V43D-06
87Sr/86Sr Ratios in Carbonate From the Red Lake and Steep Rock Groups in Canada Suggest Rb-enriched Continental Crust was Influencing Seawater Chemistry Prior to 3.0 Ga
Thursday, 17 December 2015: 14:55
310 (Moscone South)
Aaron Satkoski1, Philip William Fralick2, Brian L Beard1 and Clark Johnson1, (1)University of Wisconsin Madison, Department of Geoscience, Madison, WI, United States, (2)Lakehead University, Department of Geology, Thunder Bay, ON, Canada
Abstract:
Previous work has suggested that prior to 2.5 Ga, Sr isotope compositions of seawater were essentially mantle buffered and the effects of continental weathering on seawater chemistry were negligible.
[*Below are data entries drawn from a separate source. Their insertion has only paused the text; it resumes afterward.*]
(* Let $\Phi$ be an irreducible reduced root system with basis $\Delta$, Weyl group $W$ with length function $l$, highest root $\tilde\alpha$. For every positive long root $\alpha$, $l(x_\alpha s_{\tilde\alpha})=l(s_{\tilde\alpha})-l(x_\alpha)$.
   Context: Long roots are those of maximal length for a $W$-invariant scalar product $(\cdot|\cdot)$. $\tilde I=\{\alpha\in\Delta:(\tilde\alpha|\alpha)=0\}$, $\Phi_{\tilde I}^+$ the positive roots in the span of $\tilde I$, $X_{\tilde I}=\{w\in W:w(\Phi^+_{\tilde I})\subset\Phi^+\}$; for a long root $\alpha$, $x_\alpha$ is the unique element of $X_{\tilde I}$ with $x_\alpha(\tilde\alpha)=\alpha$ (it exists and is unique since $w\mapsto w(\tilde\alpha)$ induces a bijection $X_{\tilde I}\to\Phi_{\mathrm{lg}}$). *)

From HB Require Import structures.
From mathcomp Require Import all_boot all_order all_algebra.
From mathcomp Require Import reals.
From Stdlib Require Import ClassicalEpsilon.
Set Implicit Arguments. Unset Strict Implicit. Unset Printing Implicit Defensive.
Import Order.TTheory GRing.Theory Num.Theory.
Local Open Scope ring_scope.

Section RootSystems.
Variables (R : realType) (n : nat).
Implicit Types (u v a b w x : 'cV[R]_n) (Phi Delta S : seq 'cV[R]_n).

Definition dot u v : R := \sum_(i < n) u i 0 * v i 0.

Definition refl_mx a : 'M[R]_n := 1%:M - (2 / dot a a) *: (a *m a^T).

Definition in_span S v : Prop :=
  exists c : 'I_(size S) -> R, v = \sum_(i < size S) c i *: S`_i.

Definition root_system Phi : Prop :=
  [/\ 0 \notin Phi,
      forall v, in_span Phi v,
      forall a b, a \in Phi -> b \in Phi -> refl_mx a *m b \in Phi &
      forall a b, a \in Phi -> b \in Phi ->
        exists z : int, 2 * dot b a / dot a a = z%:~R].

Definition reduced Phi : Prop :=
  forall a (c : R), a \in Phi -> c *: a \in Phi -> c = 1 \/ c = -1.

Definition irreducible Phi : Prop :=
  Phi <> [::] /\
  forall P : pred 'cV[R]_n,
    (forall a b, a \in Phi -> b \in Phi -> P a -> ~~ P b -> dot a b = 0) ->
    (forall a, a \in Phi -> P a) \/ (forall a, a \in Phi -> ~~ P a).

Definition is_basis Phi Delta : Prop :=
  [/\ {subset Delta <= Phi},
      (forall c : 'I_(size Delta) -> R,
         \sum_(i < size Delta) c i *: Delta`_i = 0 -> forall i, c i = 0) &
      forall b, b \in Phi -> exists k : 'I_(size Delta) -> nat,
        b = \sum_(i < size Delta) (k i)%:R *: Delta`_i \/
        b = - \sum_(i < size Delta) (k i)%:R *: Delta`_i].

Definition nonneg_comb Delta v : Prop :=
  exists k : 'I_(size Delta) -> nat, v = \sum_(i < size Delta) (k i)%:R *: Delta`_i.

Definition pos_root Phi Delta b : Prop := b \in Phi /\ nonneg_comb Delta b.

Definition highest_root Phi Delta ah : Prop :=
  pos_root Phi Delta ah /\
  forall b, pos_root Phi Delta b -> nonneg_comb Delta (ah - b).

Definition long_root Phi a : Prop :=
  a \in Phi /\ forall b, b \in Phi -> dot b b <= dot a a.

Definition prod_refl (s : seq 'cV[R]_n) : 'M[R]_n :=
  \big[mulmx/1%:M]_(a <- s) refl_mx a.

Definition in_W Phi (w : 'M[R]_n) : Prop :=
  exists s, {subset s <= Phi} /\ w = prod_refl s.

Definition is_length Delta (w : 'M[R]_n) (k : nat) : Prop :=
  (exists s, {subset s <= Delta} /\ w = prod_refl s /\ size s = k) /\
  (forall s, {subset s <= Delta} -> w = prod_refl s -> (k <= size s)%N).

Definition weyl_length Delta (w : 'M[R]_n) : nat :=
  epsilon (inhabits 0%N) (is_length Delta w).

Definition Itilde Delta ah : seq 'cV[R]_n := [seq a <- Delta | dot ah a == 0].

Definition in_X Phi Delta ah (w : 'M[R]_n) : Prop :=
  in_W Phi w /\
  forall b, pos_root Phi Delta b -> in_span (Itilde Delta ah) b ->
    pos_root Phi Delta (w *m b).

End RootSystems.

From mathcomp Require Import all_boot all_order all_algebra.
From mathcomp Require Import reals boolp.
From mathcomp Require Import ring lra.
From Stdlib Require Import ClassicalEpsilon.
Set Implicit Arguments. Unset Strict Implicit. Unset Printing Implicit Defensive.
Import Order.TTheory GRing.Theory Num.Theory.
Local Open Scope ring_scope.

(* The length of w in the Weyl group equals the number ninv w of positive
   roots that w sends to negative roots.  If x lies in X_I~, every positive
   root b inverted by x is also inverted by s_ah: when (ah|b) = 0, b lies in
   the span of I~ and x keeps it positive; otherwise (ah|b) > 0 and, ah being
   the highest root, s_ah b = b - c ah with c >= 1 is negative.  Pairing each
   positive root b with the positive one of +-s_ah b then splits the
   inversions of s_ah into those of x and those of x s_ah.  Hence the identity
   holds for every x in X_I~; the hypotheses on alpha only single out
   x = x_alpha. *)

Section ScalarProduct.
Variables (R : realType) (n : nat).
Implicit Types (a u v w : 'cV[R]_n) (U V : 'M[R]_n).
(* Let $c\in[\frac12,1)$ and let $d,\delta$ be positive integers with $d\ge\delta+3$. Let $G$ be a connected paw-friendly graph with maximum degree $\delta$ and $w:V(G)\to[0,1]$ a weight function with $w(V(G))=1$, and assume $G$ has no $d$-bounded $(w,c)$-balanced separator. Fix a bijection $\mathcal{O}:V(G)\to\{1,\dots,|V(G)|\}$, let $X$ be the set of minimal elements of $\le_A$, and let $\beta$ be the star-free bag of $G$. Then: (i) $\beta=X$ and $G[\beta]$ is bipartite; (ii) if $(X_1,X_2)$ is a bipartition of $G[\beta]$, then for $i=1,2$ the set $\mathcal{S}_i=\{S_x: x\in X_i\}$ is loosely laminar.
   Context: For $X\subseteq V(G)$, $w(X)=\sum_{x\in X}w(x)$; $N[v]$ is the closed neighborhood; $N^d[v]$ the set of vertices at distance at most $d$ from $v$. $X$ is $d$-bounded if $X\subseteq N^d[v]$ for some $v$; $X$ is a $(w,c)$-balanced separator if every component $D$ of $G\setminus X$ has $w(D)\le c$. A paw is the graph with vertices $v_1,\dots,v_4$ and edges $v_1v_2,v_2v_3,v_3v_4,v_2v_4$. For a graph $H$, $x\in V(H)$ breaks $Y\subseteq V(H)\setminus\{x\}$ (in $H$) if for every connected component $D$ of $H\setminus N_H[x]$, $Y\not\subseteq N_H[D]$ ($N_H[D]$ being $D$ plus its neighbors). $G$ is paw-friendly if $G$ is perfect and for every induced subgraph $H$ and every induced paw in $H$ with vertex set $\{c,a,b_1,b_2\}$ and edges $\{ab_1,ab_2,b_1b_2,ac\}$, either $a$ breaks $\{c,b_1,b_2\}$, or $b_1$ breaks $\{c,b_2\}$, or $b_2$ breaks $\{c,b_1\}$ in $H$. For $v\in V(G)$, the canonical star separation $S_v=(A_v,C_v,B_v)$: $B_v$ is the largest-weight connected component of $G\setminus N[v]$ (unique under these assumptions), $C_v$ consists of $v$ and every neighbor of $v$ with a neighbor in $B_v$, $A_v=V(G)\setminus(B_v\cup C_v)$. $u,v$ are star twins if $B_u=B_v$, $C_u\setminus\{u\}=C_v\setminus\{v\}$, $A_u\setminus\{v\}=A_v\setminus\{u\}$. $x\le_A y$ iff $x=y$, or $x,y$ are star twins and $\mathcal{O}(x)<\mathcal{O}(y)$, or $x,y$ are not star twins and $y\in A_x$ (a partial order). The star-free bag is $\beta=\bigcap_{x\in X}(B_x\cup C_x)$. Separations $S,S'$ (triples $(A,C,B)$) are loosely non-crossing if $A(S)\cap C(S')=\emptyset=A(S')\cap C(S)$; a set of separations is loosely laminar if every two are loosely non-crossing. *)

From HB Require Import structures.
From mathcomp Require Import all_boot all_order all_algebra.
From mathcomp Require Import reals.
Set Implicit Arguments. Unset Strict Implicit. Unset Printing Implicit Defensive.
Import Order.TTheory GRing.Theory Num.Theory.

Definition simple_graph (T : finType) (e : rel T) : Prop :=
  symmetric e /\ irreflexive e.

Section Graphs.
Variable T : finType.
Variable e : rel T.

Definition nbhd (v : T) : {set T} := [set u | e v u].
Definition cnbhd (v : T) : {set T} := v |: nbhd v.
Definition degree (v : T) : nat := #|nbhd v|.

Fixpoint ball (v : T) (k : nat) : {set T} :=
  if k is k'.+1 then
    ball v k' :|: [set u | [exists y in ball v k', e y u]]
  else [set v].

Definition connected_graph : Prop := forall x y : T, connect e x y.

Definition induced_rel (S : {set T}) : rel T :=
  [rel a b | [&& a \in S, b \in S & e a b]].
Definition comp (S : {set T}) (x : T) : {set T} :=
  [set y in S | connect (induced_rel S) x y].

Definition nbhdH (S : {set T}) (x : T) : {set T} := x |: [set u in S | e x u].
Definition nbhdH_set (S : {set T}) (D : {set T}) : {set T} :=
  D :|: [set u in S | [exists y in D, e y u]].

Definition breaks (S : {set T}) (x : T) (Y : {set T}) : Prop :=
  forall z, z \in S :\: nbhdH S x ->
    ~~ (Y \subset nbhdH_set S (comp (S :\: nbhdH S x) z)).

Definition is_clique (K : {set T}) : bool :=
  [forall x in K, forall y in K, (x != y) ==> e x y].
Definition clique_number (S : {set T}) : nat :=
  \max_(K : {set T} | (K \subset S) && is_clique K) #|K|.
Definition colorable (S : {set T}) (k : nat) : Prop :=
  exists f : T -> nat, (forall x, x \in S -> f x < k) /\
    (forall x y, x \in S -> y \in S -> e x y -> f x != f y).
Definition is_chromatic_number (S : {set T}) (k : nat) : Prop :=
  colorable S k /\ forall j, colorable S j -> k <= j.
Definition perfect : Prop :=
  forall S : {set T}, is_chromatic_number S (clique_number S).

Definition paw_friendly : Prop :=
  perfect /\
  forall (S : {set T}) (c a b1 b2 : T),
    c \in S -> a \in S -> b1 \in S -> b2 \in S ->
    uniq [:: c; a; b1; b2] ->
    e a b1 -> e a b2 -> e b1 b2 -> e a c -> ~~ e c b1 -> ~~ e c b2 ->
    breaks S a [set c; b1; b2] \/ breaks S b1 [set c; b2] \/
    breaks S b2 [set c; b1].

Definition is_bipartition (S X1 X2 : {set T}) : Prop :=
  X1 :|: X2 = S /\ X1 :&: X2 = set0 /\
  (forall x y, x \in X1 -> y \in X1 -> ~~ e x y) /\
  (forall x y, x \in X2 -> y \in X2 -> ~~ e x y).
Definition bipartite (S : {set T}) : Prop :=
  exists X1 X2, is_bipartition S X1 X2.

Definition separation := ({set T} * {set T} * {set T})%type.
Definition sepA (s : separation) : {set T} := s.1.1.
Definition sepC (s : separation) : {set T} := s.1.2.
Definition sepB (s : separation) : {set T} := s.2.
Definition loosely_noncrossing (s s' : separation) : Prop :=
  sepA s :&: sepC s' = set0 /\ sepA s' :&: sepC s = set0.
Definition loosely_laminar (I : {set T}) (S : T -> separation) : Prop :=
  forall x y, x \in I -> y \in I -> loosely_noncrossing (S x) (S y).

Variable R : realType.
Variable w : T -> R.

Definition wt (X : {set T}) : R := (\sum_(x in X) w x)%R.

Definition bounded (d : nat) (X : {set T}) : Prop :=
  exists v, X \subset ball v d.
Definition balanced_separator (c : R) (X : {set T}) : Prop :=
  forall z, z \notin X -> (wt (comp (~: X) z) <= c)%R.

(* B_v: the largest-weight component of G \ N[v] (written as the set of all
   vertices lying in a component of maximum weight; it is the unique such
   component under the paper's hypotheses). *)
Definition starB (v : T) : {set T} :=
  [set z | (z \notin cnbhd v) &&
     [forall y, (y \notin cnbhd v) ==>
        (wt (comp (~: cnbhd v) y) <= wt (comp (~: cnbhd v) z))%R]].
Definition starC (v : T) : {set T} :=
  v |: [set u in nbhd v | [exists y in starB v, e u y]].
Definition starA (v : T) : {set T} := ~: (starB v :|: starC v).
Definition star_sep (v : T) : separation := (starA v, starC v, starB v).

Definition star_twins (u v : T) : bool :=
  [&& starB u == starB v, starC u :\ u == starC v :\ v &
      starA u :\ v == starA v :\ u].

Variable O : T -> nat.
Definition leA (x y : T) : bool :=
  [|| x == y, star_twins x y && (O x < O y) |
      ~~ star_twins x y && (y \in starA x)].
Definition minimalA : {set T} :=
  [set x | [forall y, leA y x ==> (y == x)]].
Definition star_free_bag : {set T} :=
  \bigcap_(x in minimalA) (starB x :|: starC x).

End Graphs.

From Pilot Require Import Defs.
From HB Require Import structures.
From mathcomp Require Import all_boot all_order all_algebra.
From mathcomp Require Import reals.
From mathcomp Require Import lra zify.
Set Implicit Arguments. Unset Strict Implicit. Unset Printing Implicit Defensive.
Import Order.TTheory GRing.Theory Num.Theory.

(* Since G has no d-bounded (w,c)-balanced separator and N[v] is 1-bounded, some
   component of G - N[v] weighs more than c >= 1/2; it is B_v, and any two sets of
   weight > c meet.  So B_v is the heavy component containing any heavy connected
   set avoiding N[v]; in particular u \in A_v gives B_v \subset B_u, with equality
   only for star twins.  Ranking x by (|B_x|, O x) lexicographically makes every
   strict <=_A step increase the rank, so each vertex outside the set X of minimal
   elements lies in A_m for some m \in X, while no minimal element lies in the
   A-side of another; this gives beta = X, and A_x meets C_y for no two
   non-adjacent x, y \in X, hence loose laminarity of independent subsets of X.
   Finally G[X] has no triangle K: K together with its common neighbours lies
   within distance 2 of one vertex, so, as 3 <= d, some heavy component beyond
   their closed neighbourhoods lies in B_t for all of them; it is entered from a
   vertex p forming a paw with two vertices of K and either the third one or a
   common neighbour, and each of the three breaking options of that paw is
   refuted by this component.  As G is perfect,
   omega(G[X]) <= 2 yields a bipartition. *)

Section InducedComponents.
Variables (T : finType) (e : rel T).
Hypothesis esym : symmetric e.
Implicit Types (S D : {set T}) (x y z u : T).

Local Notation comp := (Defs.comp e).

Lemma induced_rel_sym S : symmetric (induced_rel e S).
Proof. by move=> x y; rewrite /induced_rel /= esym andbCA. Qed.

Lemma comp_sub S z : comp S z \subset S.
Proof. by apply/subsetP=> y /setIdP[]. Qed.

Lemma comp_self S z : z \in S -> z \in comp S z.
Proof. by move=> zS; rewrite inE zS connect0. Qed.

Lemma comp_of_mem S z y : y \in comp S z -> comp S y = comp S z.
Proof.
case/setIdP=> _ zy; apply/setP=> u; rewrite !inE.
by rewrite (same_connect (sym_connect_sym (induced_rel_sym S)) zy).
Qed.

Lemma comp_closed S z y u : y \in comp S z -> u \in S -> e y u -> u \in comp S z.
Proof.
move=> yz uS eyu; case/setIdP: (yz) => yS zy.
rewrite inE uS; apply: connect_trans zy (connect1 _).
by rewrite /induced_rel /= yS uS.
Qed.

Lemma comp_disjoint S y z : comp S y = comp S z \/ [disjoint comp S y & comp S z].
Proof.
case: (boolP [disjoint _ & _]) => [|/pred0Pn[u /andP[uy uz]]]; first by right.
by left; rewrite -(comp_of_mem uy) (comp_of_mem uz).
Qed.

Lemma comp_subset_comp S S' z : comp S z \subset S' -> comp S z \subset comp S' z.
Proof.
move=> sub; apply/subsetP=> y yz; rewrite inE (subsetP sub _ yz) /=.
have in_sub t : t \in S -> connect (induced_rel e S) z t -> t \in S'.
  by move=> tS zt; apply: (subsetP sub); rewrite inE tS.
case/setIdP: yz => _ /connectP[p zp ->] {y}.
elim/last_ind: p zp => [|p y IH]; first by rewrite connect0.
rewrite rcons_path last_rcons => /andP[zp /and3P[pS yS epy]].
have zl : connect (induced_rel e S) z (last z p) by apply/connectP; exists p.
apply: connect_trans (IH zp) (connect1 _).
rewrite /induced_rel /= epy !in_sub //; apply: connect_trans zl (connect1 _).
by rewrite /induced_rel /= pS yS.
Qed.

Lemma connect_exit D a b : a \in D -> b \notin D -> connect e a b ->
  exists u p, [/\ u \in D, p \notin D & e u p].
Proof.
move=> aD bD /connectP[p ap bE].
elim: p a ap aD bE => [|q p IH] a /=; first by move=> _ aD bE; rewrite bE aD in bD.
case/andP=> eaq qp aD bE.
by case: (boolP (q \in D)) => qD; [exact: IH qD bE | exists a, q].
Qed.
End InducedComponents.

Section GraphBasics.
Variables (T : finType) (e : rel T).
Implicit Types D K S : {set T}.

Lemma ball_self v : v \in ball e v 0.
Proof. exact: set11. Qed.

Lemma ball_mono v k k' : k <= k' -> ball e v k \subset ball e v k'.
Proof.
move/subnKC <-; elim: (k' - k) => [|n IH]; first by rewrite addn0.
by rewrite addnS; apply: subset_trans IH (subsetUl _ _).
Qed.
To test this, we collected Sr isotope data from 2.93 and 2.80 Ga carbonates that are part of the Red Lake and Steep Rock groups (Canada), respectively. To better understand carbonate formation and any post-depositional alteration, Sr isotopes are considered with O isotopes and REEs, as well as Rb and Sr contents, including correction for decay of 87Rb. All samples have Y/Ho ratios higher than chondrite and have positive La anomalies, which, combined with low Rb contents suggests that clastic contamination is negligible. Samples we consider near pristine have δ18O (VSMOW) values >20‰. Samples with the highest Y/Ho ratios and largest La anomalies from Red Lake and Steep Rock have initial 87Sr/86Sr ratios of 0.7018-0.7020. This Sr isotope composition is significantly more radiogenic than contemporaneous mantle (0.7011-0.7012), especially at a time when the isotopic difference between the crust and mantle was much less than today. This implies that radiogenic continental crust was emergent and shed detritus into the world’s oceans prior to 3.0 Ga, in contrast with proposals for submerged continental crust, but in line with new estimates that continental crust at 3.0 Ga was 60-70% of current volume. We contend that this large amount of crust combined with enhanced Archean weathering could account for the radiogenic Sr isotope compositions we report here, and suggests a significant impact from continental weathering on ocean chemistry during the Archean.